Entscheidungsstichwort (Thema)
Zwangsversteigerung eines Grundstücks. Verkündung des Zuschlagsbeschlusses. Einstellungsbewilligung nach Schluss der Versteigerung. Versagung des Zuschlags
Leitsatz (amtlich)
Die Einstellung des Verfahrens nach § 30 ZVG kann auch noch nach dem Schluss der Versteigerung bis zur vollständigen Verkündung des Zuschlags bewilligt werden, hat dann allerdings zur Folge, dass der Zuschlag zu versagen ist (§ 33 ZVG).
Normenkette
ZVG §§ 30, 33
Verfahrensgang
LG Dresden (Beschluss vom 24.05.2006; Aktenzeichen 13 T 869/05) |
AG Dresden (Entscheidung vom 04.08.2005; Aktenzeichen 523 K 1848/03) |
Tenor
Die Rechtsbeschwerde des Erstehers gegen den Beschluss der 13. Zivilkammer des LG Dresden vom 24.5.2006 wird zurückgewiesen.
Gründe
I.
[1] Auf Antrag der Gläubigerin wurde die Zwangsversteigerung eines Grundstücks der Schuldner angeordnet. Im Zwangsversteigerungstermin blieb der Ersteher der Meistbietende. Nachdem die Rechtspflegerin den Schluss der Versteigerung verkündet, die anwesenden Beteiligten über den Zuschlag angehört und mit der Verkündung des Zuschlagsbeschlusses begonnen hatte, wurde sie von dem Vertreter der Gläubigerin mit der Frage unterbrochen, warum der Zuschlag nicht nach § 85a Abs. 1 ZVG versagt werde. Die Rechtspflegerin verwies auf § 85a Abs. 3 ZVG, worauf der Gläubigervertreter erklärte, er bewillige die Einstellung des Verfahrens nach § 30 ZVG. Nach Erörterung der Sach- und Rechtslage wurde der Zuschlagsbeschluss auch im Übrigen verkündet.
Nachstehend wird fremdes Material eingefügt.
(* Let $\mathbf{S}$ be a distributive meet semilattice, $n\ge1$ an integer, and $U$ an upset of $\mathbf{S}$. Then for every $a\in\mathbf{S}$, $a$ belongs to the $n$-filter generated by $U$ if and only if there is a non-empty finite set $X\subseteq U$ such that $\bigwedge Y\in U$ for each $Y\subseteq_n X$ and $\bigwedge X\le a$. Moreover, the condition $\bigwedge X\le a$ may equivalently be replaced by $\bigwedge X=a$.
   Context: A meet semilattice is distributive if whenever $x\wedge y\le z$ there are $x'\ge x$ and $y'\ge y$ with $x'\wedge y'=z$. For a set $X$, $Y\subseteq_n X$ means $Y$ is a non-empty subset of $X$ with $|Y|\le n$. An $n$-filter on a meet semilattice $\mathbf{S}$ is an upset $F\subseteq\mathbf{S}$ such that for every non-empty finite $X\subseteq F$: if $\bigwedge Y\in F$ for every $Y\subseteq_n X$, then $\bigwedge X\in F$. The $n$-filters are closed under arbitrary intersections, and the $n$-filter generated by a set is the smallest $n$-filter containing it. *)

From HB Require Import structures.
From mathcomp Require Import all_boot all_order.
From mathcomp Require Import finmap.
Set Implicit Arguments. Unset Strict Implicit. Unset Printing Implicit Defensive.
Import Order.TTheory.
Local Open Scope order_scope.
Local Open Scope fset_scope.

Section NFilters.
Context {disp : Order.disp_t} {S : meetSemilatticeType disp}.

Definition fmeet (X : {fset S}) : option S :=
  match enum_fset X with
  | x :: s => Some (foldr Order.meet x s)
  | [::] => None
  end.

Definition meet_in (P : S -> Prop) (X : {fset S}) : Prop :=
  exists2 m, fmeet X = Some m & P m.

Definition distributive_msl : Prop :=
  forall x y z : S, Order.meet x y <= z ->
    exists x' y' : S, [/\ x <= x', y <= y' & Order.meet x' y' = z].

Definition upset (U : S -> Prop) : Prop :=
  forall x y : S, U x -> x <= y -> U y.

Definition subset_n (n : nat) (Y X : {fset S}) : Prop :=
  [/\ Y != fset0, Y `<=` X & (#|` Y| <= n)%N].

Definition n_filter (n : nat) (F : S -> Prop) : Prop :=
  upset F /\
  forall X : {fset S}, X != fset0 -> (forall x, x \in X -> F x) ->
    (forall Y, subset_n n Y X -> meet_in F Y) -> meet_in F X.

Definition gen_n_filter (n : nat) (U : S -> Prop) (a : S) : Prop :=
  forall F, n_filter n F -> (forall x, U x -> F x) -> F a.

End NFilters.

From HB Require Import structures.
From mathcomp Require Import all_boot all_order.
From mathcomp Require Import finmap.
Set Implicit Arguments. Unset Strict Implicit. Unset Printing Implicit Defensive.
Import Order.TTheory.
Local Open Scope order_scope.
Local Open Scope fset_scope.

(* Let G be the set of those a for which some finite non-empty X ⊆ U, all of
   whose subsets of size at most n have their meet in U, satisfies ⋀X ≤ a.
   Clearly U ⊆ G and G is contained in every n-filter containing U, so it
   suffices to show that G is an n-filter; only the closure rule needs work.
   Distributivity rewrites z ≥ ⋀W as z = ⋀Q with every q ∈ Q above an element
   of W.  Iterating this over the finitely many witnesses W_I (one for each
   small I ⊆ Z) splits each z ∈ Z as z = ⋀P_z where every p ∈ P_z dominates
   an element of each W_I with z ∈ I.  The union X of the P_z has ⋀X = ⋀Z,
   and a small Y ⊆ X dominates a small subset of a single W_I, so ⋀Y ∈ U.
   One splitting step likewise turns ⋀X ≤ a into ⋀X' = a. *)

Lemma seq_choice (T : eqType) (V : Type) (P : T -> V -> Prop) (v0 : V) (s : seq T) :
  {in s, forall x, exists y, P x y} -> exists f : T -> V, {in s, forall x, P x (f x)}.
Proof.
elim: s => [|a s IH] Hs; first by exists (fun=> v0).
have [y Py] := Hs a (mem_head _ _).
have [f Hf] : exists f : T -> V, {in s, forall x, P x (f x)}.
  by apply: IH => x xs; apply: Hs; rewrite inE xs orbT.
exists (fun x => if x == a then y else f x) => x; rewrite inE.
by case: eqP => [->|_] //= /Hf.
Qed.

Lemma fset_witnesses (K : choiceType) (R : K -> K -> Prop) (A Y : {fset K}) :
  {in Y, forall y, exists2 a, a \in A & R a y} ->
  exists B : {fset K}, [/\ B `<=` A, (#|` B| <= #|` Y|)%N, Y != fset0 -> B != fset0
                       & {in Y, forall y, exists2 b, b \in B & R b y}].
Proof.
have [-> _|/fset0Pn [y0 Yy0] YA] := eqVneq Y fset0.
  by exists fset0; rewrite fsub0set.
have [f Yf] := @seq_choice _ _ (fun y a => a \in A /\ R a y) y0 (enum_fset Y)
  (fun y Yy => let: ex_intro2 a Aa Ray := YA y Yy in ex_intro _ a (conj Aa Ray)).
exists (f @` Y); split.
- by apply/fsubsetP => _ /imfsetP [y /Yf [Afy _] ->].
- exact: leq_imfset_card.
- by move=> _; apply/fset0Pn; exists (f y0); apply: in_imfset.
- by move=> y Yy; exists (f y); [apply: in_imfset | case: (Yf y Yy)].
Qed.

Section Glb.
Context {disp : Order.disp_t} {S : meetSemilatticeType disp}.
Implicit Types (s Q : seq S) (X Y W : {fset S}) (c m x z : S).

Definition is_glb s m : Prop := forall c, c <= m <-> {in s, forall x, c <= x}.

Lemma is_glb_le s m : is_glb s m -> {in s, forall x, m <= x}.
Proof. by move=> sm; apply/sm. Qed.

Lemma is_glb_uniq s m m' : is_glb s m -> is_glb s m' -> m = m'.
Proof.
by move=> sm sm'; apply/le_anti/andP; split; [apply/sm'/sm | apply/sm/sm'].
Qed.

Lemma is_glb_eq_mem s s' m : s =i s' -> is_glb s m -> is_glb s' m.
Proof.
by move=> ss' sm c; rewrite sm; split=> Hc x; [rewrite -ss' | rewrite ss']; apply: Hc.
Qed.

Lemma is_glb1 x : is_glb [:: x] x.
Proof. by move=> c; split=> [cx y /[!inE] /eqP ->|]; last apply; rewrite ?inE. Qed.

Lemma is_glb_cons x s m : is_glb s m -> is_glb (x :: s) (x `&` m)%O.
Proof.
move=> sm c; rewrite lexI; split=> [/andP [cx /sm cs] y /[!inE] /orP [/eqP -> //|]|cxs].
  exact: cs.
by rewrite cxs ?mem_head //=; apply/sm => y ys; apply: cxs; rewrite inE ys orbT.
Qed.

Lemma is_glb_foldr x s : is_glb (x :: s) (foldr Order.meet x s).
Proof.
elim: s => [|y s IH] /=; first exact: is_glb1.
by apply: is_glb_eq_mem (is_glb_cons y IH) => z; rewrite !inE orbCA.
Qed.

Lemma is_glb_flatten (F : S -> seq S) Q z :
  {in Q, forall q, is_glb (F q) q} -> is_glb Q z -> is_glb (flatten (map F Q)) z.
Proof.
move=> FQ Qz c; rewrite Qz; split=> [cQ p /flatten_mapP [q Qq Fqp]|cF q Qq].
  exact: le_trans (cQ q Qq) (is_glb_le (FQ q Qq) Fqp).
by apply/(FQ q Qq) => p Fqp; apply: cF; apply/flatten_mapP; exists q.
Qed.

Lemma flatten_map_neq_nil (F : S -> seq S) Q :
  Q != [::] -> {in Q, forall q, F q != [::]} -> flatten (map F Q) != [::].
Proof. by case: Q => // q Q _ /(_ q (mem_head _ _)) /=; case: (F q). Qed.

Lemma fmeet_glb X m : fmeet X = Some m -> is_glb (enum_fset X) m.
Proof. by rewrite /fmeet; case: (enum_fset X) => // x s [<-]; apply: is_glb_foldr. Qed.

Lemma fmeet_exists X : X != fset0 -> exists m, fmeet X = Some m.
Proof.
move=> /fset0Pn [x]; rewrite /fmeet -[x \in X]/(x \in enum_fset X).
by case: (enum_fset X) => // y s _; eexists.
Qed.

Lemma fmeetE X m : X != fset0 -> is_glb (enum_fset X) m -> fmeet X = Some m.
Proof.
by move=> /fmeet_exists [m' Xm'] Xm; rewrite Xm' (is_glb_uniq (fmeet_glb Xm') Xm).
Qed.

Lemma fmeet_seq_fset Q c : Q != [::] -> is_glb Q c ->
  seq_fset tt Q != fset0 /\ fmeet (seq_fset tt Q) = Some c.
Proof.
case: Q => // q Q _ Qc; have Q0 : seq_fset tt (q :: Q) != fset0.
  by apply/fset0Pn; exists q; rewrite seq_fsetE mem_head.
by split; last by apply: fmeetE Q0 (is_glb_eq_mem _ Qc) => y; rewrite seq_fsetE.
Qed.

Lemma fmeet_sub1 x Y : Y != fset0 -> Y `<=` [fset x] -> fmeet Y = Some x.
Proof.
move=> Y0 /fsubsetP Yx; apply: fmeetE => // c; split=> [cx y /Yx /[!inE] /eqP -> //|cY].
by have [y Yy] := fset0Pn _ Y0; have /Yx /[!inE] /eqP <- := Yy; apply: cY.
Qed.

Lemma fmeet1 x : fmeet [fset x] = Some x.
Proof. by apply: fmeet_sub1; rewrite // -cardfs_gt0 cardfs1. Qed.

Lemma sub_meet_in (P P' : S -> Prop) X :
  (forall x, P x -> P' x) -> meet_in P X -> meet_in P' X.
Proof. by move=> PP' [m Xm /PP']; exists m. Qed.

End Glb.

Section Splitting.
Context {disp : Order.disp_t} {S : meetSemilatticeType disp}.
Hypothesis S_distr : distributive_msl (S := S).
Implicit Types (s Q : seq S) (X W : {fset S}) (c m x z : S).

Lemma glb_split x s m c : is_glb (x :: s) m -> m <= c ->
  exists Q, [/\ Q != [::], is_glb Q c & {in Q, forall q, exists2 y, y \in x :: s & y <= q}].
Proof.
elim: s x m c => [|y s IH] x m c xsm mc.
  exists [:: c]; split=> //; first exact: is_glb1.
  move=> q /[!inE] /eqP ->; exists x; rewrite ?mem_head //.
  by rewrite (is_glb_uniq (is_glb1 x) xsm).
have ysm := is_glb_foldr y s.
rewrite (is_glb_uniq xsm (is_glb_cons x ysm)) in mc.
have [x' [y' [xx' yy' <-]]] := S_distr mc.
have [Q [Q0 Qy' Qabove]] := IH _ _ _ ysm yy'.
exists (x' :: Q); split=> //; first exact: is_glb_cons.
move=> q /[!inE] /orP [/eqP ->|Qq]; first by exists x; rewrite ?mem_head.
by have [z zys zq] := Qabove q Qq; exists z; rewrite // inE zys orbT.
Qed.

Lemma fmeet_split X m c : fmeet X = Some m -> m <= c ->
  exists Q, [/\ Q != [::], is_glb Q c & {in Q, forall q, exists2 y, y \in X & y <= q}].
Proof.
move=> Xm; have := fmeet_glb Xm.
case E: (enum_fset X) => [|x s]; first by move: Xm; rewrite /fmeet E.
move=> /glb_split /[apply] [[Q [Q0 Qc Qabove]]]; exists Q; split=> // q /Qabove [y].
by rewrite -E => Xy yq; exists y.
Qed.

Definition splitting (L : seq {fset S}) z (P : seq S) : Prop :=
  [/\ P != [::], is_glb P z &
      {in P, forall p, {in L, forall W,
        meet_in (fun m => m <= z) W -> exists2 w, w \in W & w <= p}}].

Lemma splitting_exists (L : seq {fset S}) z : exists P, splitting L z P.
Proof.
elim: L z => [|W L IH] z; first by exists [:: z]; split=> //; apply: is_glb1.
have [[m Wm mz]|Wnz] : meet_in (fun m => m <= z) W \/ ~ meet_in (fun m => m <= z) W.
  case Wm: (fmeet W) => [m|]; last by right=> -[m']; rewrite Wm.
  have [mz|nmz] := boolP (m <= z); first by left; exists m.
  by right=> -[m']; rewrite Wm => -[<-]; apply/negP.
- have [Q [Q0 Qz QW]] := fmeet_split Wm mz.
  have [F FQ] := @seq_choice _ _ (splitting L) [::] Q (fun q _ => IH q).
  exists (flatten (map F Q)); split.
  + by apply: flatten_map_neq_nil => // q /FQ [].
  + by apply: is_glb_flatten Qz => q /FQ [].
  move=> p /flatten_mapP [q Qq Fqp] W'; have [_ Fqq FqL] := FQ q Qq.
  rewrite inE => /orP [/eqP -> _|LW' [m' W'm' m'z]].
    have [w Ww wq] := QW q Qq.
    by exists w; last exact: le_trans wq (is_glb_le Fqq Fqp).
  by apply: FqL Fqp _ LW' _; exists m' => //; apply: le_trans m'z (is_glb_le Qz Qq).
- have [P [P0 Pz PL]] := IH z; exists P; split=> // p Pp W'.
  by rewrite inE => /orP [/eqP -> /Wnz //|]; apply: PL.
Qed.

End Splitting.

Section NGenerated.
Context {disp : Order.disp_t} {S : meetSemilatticeType disp}.
Variables (n : nat) (U : S -> Prop).
Implicit Types (X Y Z W : {fset S}) (a m x z : S).

Definition n_consistent X : Prop :=
  [/\ X != fset0, {in X, forall x, U x} & forall Y, subset_n n Y X -> meet_in U Y].

Definition n_generated a : Prop :=
  exists2 X, n_consistent X & meet_in (fun m => m <= a) X.

Lemma n_generated_upset : upset n_generated.
Proof.
by move=> x y [X XU [m Xm mx]] xy; exists X => //; exists m; last exact: le_trans xy.
Qed.

Lemma n_generated_of_U x : U x -> n_generated x.
Proof.
move=> Ux; exists [fset x]; last by exists x; rewrite ?fmeet1.
split=> [|y /[!inE] /eqP -> //|Y [Y0 Yx _]]; first by rewrite -cardfs_gt0 cardfs1.
by exists x => //; apply: fmeet_sub1.
Qed.

Lemma n_generated_sub_filter F :
  n_filter n F -> (forall x, U x -> F x) -> forall a, n_generated a -> F a.
Proof.
move=> [F_upset F_closed] UF a [X [X0 XU XY] [m Xm ma]].
have [m' Xm' Fm'] := F_closed X X0 (fun x Xx => UF x (XU x Xx))
  (fun Y YX => sub_meet_in UF (XY Y YX)).
by move: Xm' Fm'; rewrite Xm => -[<-] Fm; apply: F_upset Fm ma.
Qed.

Hypothesis U_upset : upset U.

Lemma meet_in_dominated A Y : Y != fset0 -> (#|` Y| <= n)%N ->
  {in Y, forall y, exists2 w, w \in A & w <= y} ->
  (forall B, subset_n n B A -> meet_in U B) -> meet_in U Y.
Proof.
move=> Y0 Yn YA AU; have [B [BA BY /(_ Y0) B0 YB]] := fset_witnesses YA.
have [mB Bm UmB] := AU B (And3 B0 BA (leq_trans BY Yn)).
have [mY Ym] := fmeet_exists Y0; exists mY => //; apply: U_upset UmB _.
apply/(fmeet_glb Ym) => y Yy; have [b Bb b_y] := YB y Yy.
exact: le_trans (is_glb_le (fmeet_glb Bm) Bb) b_y.
Qed.

Hypothesis n_gt0 : (0 < n)%N.

Lemma n_consistentP X :
  X != fset0 -> (forall Y, subset_n n Y X -> meet_in U Y) -> n_consistent X.
Proof.
move=> X0 XU; split=> // x Xx.
have [|m] := XU [fset x]; last by rewrite fmeet1 => -[<-].
by rewrite /subset_n fsub1set Xx cardfs1 -cardfs_gt0 cardfs1.
Qed.

Hypothesis S_distr : distributive_msl (S := S).

Lemma n_generated_closed Z :
  Z != fset0 -> (forall I, subset_n n I Z -> meet_in n_generated I) -> meet_in n_generated Z.
Proof.
move=> Z0 ZI.
pose witness I W := subset_n n I Z ->
  n_consistent W /\ {in I, forall z, meet_in (fun m => m <= z) W}.
have [W IW] : exists W : {fset S} -> {fset S},
    {in enum_fset (fpowerset Z), forall I, witness I (W I)}.
  apply: (@seq_choice _ _ witness fset0) => I _; rewrite /witness.
  have [IZ|nIZ] := @and3P (I != fset0) (I `<=` Z) (#|` I| <= n)%N;
    last by exists fset0 => /nIZ.
  have [mI Im [X XU [mX Xm mXI]]] := ZI I IZ.
  exists X => _; split=> // z Iz; exists mX => //.
  exact: le_trans mXI (is_glb_le (fmeet_glb Im) Iz).
pose L := map W (enum_fset (fpowerset Z)).
have [F FZ] := @seq_choice _ _ (splitting L) [::] (enum_fset Z)
  (fun z _ => splitting_exists S_distr L z).
have [mZ Zm] := fmeet_exists Z0.
pose P := flatten (map F (enum_fset Z)).
have [X0 Xm] : seq_fset tt P != fset0 /\ fmeet (seq_fset tt P) = Some mZ.
  apply: fmeet_seq_fset; last by apply: is_glb_flatten (fmeet_glb Zm) => z /FZ [].
  by apply: flatten_map_neq_nil => [|z /FZ []]; rewrite // -size_eq0 cardfs_eq0.
exists mZ => //; exists (seq_fset tt P); last by exists mZ.
apply: n_consistentP => // Y [Y0 /fsubsetP YX Yn].
have YZ : {in Y, forall y, exists2 z, z \in Z & y \in F z}.
  by move=> y /YX; rewrite seq_fsetE => /flatten_mapP.
have [I [IZ IY /(_ Y0) I0 YI]] := fset_witnesses YZ.
have PZI : I \in enum_fset (fpowerset Z) by rewrite fpowersetE.
have [[_ _ WU] WI] := IW I PZI (And3 I0 IZ (leq_trans IY Yn)).
apply: meet_in_dominated Y0 Yn _ WU => y Yy; have [z Iz Fzy] := YI y Yy.
have [_ _ FzL] := FZ z (fsubsetP IZ z Iz).
exact: FzL Fzy _ (map_f W PZI) (WI z Iz).
Qed.

Lemma n_filter_n_generated : n_filter n n_generated.
Proof. by split=> [|Z Z0 _]; [apply: n_generated_upset | apply: n_generated_closed]. Qed.

Lemma gen_n_filterE a : gen_n_filter n U a <-> n_generated a.
Proof.
split=> [|Ga F Fn UF]; last exact: n_generated_sub_filter Fn UF a Ga.
by apply; [apply: n_filter_n_generated | apply: n_generated_of_U].
Qed.

Lemma n_generated_exact a : n_generated a -> exists2 X, n_consistent X & fmeet X = Some a.
Proof.
move=> [X [_ _ XY] [m Xm ma]].
have [Q [Q0 Qa QX]] := fmeet_split S_distr Xm ma.
have [X'0 X'a] := fmeet_seq_fset Q0 Qa.
exists (seq_fset tt Q) => //; apply: n_consistentP => // Y [Y0 /fsubsetP YX' Yn].
by apply: meet_in_dominated Y0 Yn _ XY => y /YX'; rewrite seq_fsetE => /QX.
Qed.

End NGenerated.

Unset Implicit Arguments.

Theorem mainTheorem2 (disp : Order.disp_t) (S : meetSemilatticeType disp)
  (n : nat) (U : S -> Prop) :
  distributive_msl (S := S) -> (1 <= n)%N -> upset U ->
  forall a : S,
    (gen_n_filter n U a <->
      exists X : {fset S}, [/\ X != fset0, (forall x, x \in X -> U x),
        (forall Y, subset_n n Y X -> meet_in U Y) &
        exists2 m, fmeet X = Some m & m <= a]) /\
    (gen_n_filter n U a <->
      exists X : {fset S}, [/\ X != fset0, (forall x, x \in X -> U x),
        (forall Y, subset_n n Y X -> meet_in U Y) &
        fmeet X = Some a]).
Proof.
move=> S_distr n_gt0 U_upset a; rewrite gen_n_filterE //.
split; split.
- by case=> X [X0 XU XY] Xa; exists X.
- by case=> X [X0 XU XY Xa]; exists X.
- by case/n_generated_exact => // X [X0 XU XY] Xa; exists X.
- by case=> X [X0 XU XY Xa]; exists X => //; exists a.
Qed.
[2] Auf die sofortige Beschwerde der Gläubigerin hat das LG den Zuschlag versagt. Mit der von dem LG zugelassenen Rechtsbeschwerde erstrebt der Ersteher die Wiederherstellung des Zuschlagsbeschlusses. Die Gläubigerin beantragt die Zurückweisung des Rechtsmittels.
II.
[3] Das Beschwerdegericht ist der Auffassung des Vollstreckungsgerichts entgegen getreten, für die Abgabe von Erklärungen und Anträgen sei während der Verkündung des Zuschlagsbeschlusses kein Raum mehr. Aus § 33 ZVG folge, dass die Einstellung des Verfahrens nach § 30 ZVG auch noch nach dem Schluss der Versteigerung bewilligt werden könne. Dies gelte jedenfalls bis zur vollständigen Verkündung des Tenors des Zuschlagsbeschlusses.
III.
[4] 1. Die nach § 574 Abs. 1 Nr. 2, Abs. 3 Satz 2 ZPO statthafte und auch im Übrigen zulässige (§ 575 ZPO) Rechtsbeschwerde ist unbegründet. Mit Recht ist das Beschwerdegericht davon ausgegangen, dass das Vollstreckungsgericht den Zuschlag hätte versagen müssen.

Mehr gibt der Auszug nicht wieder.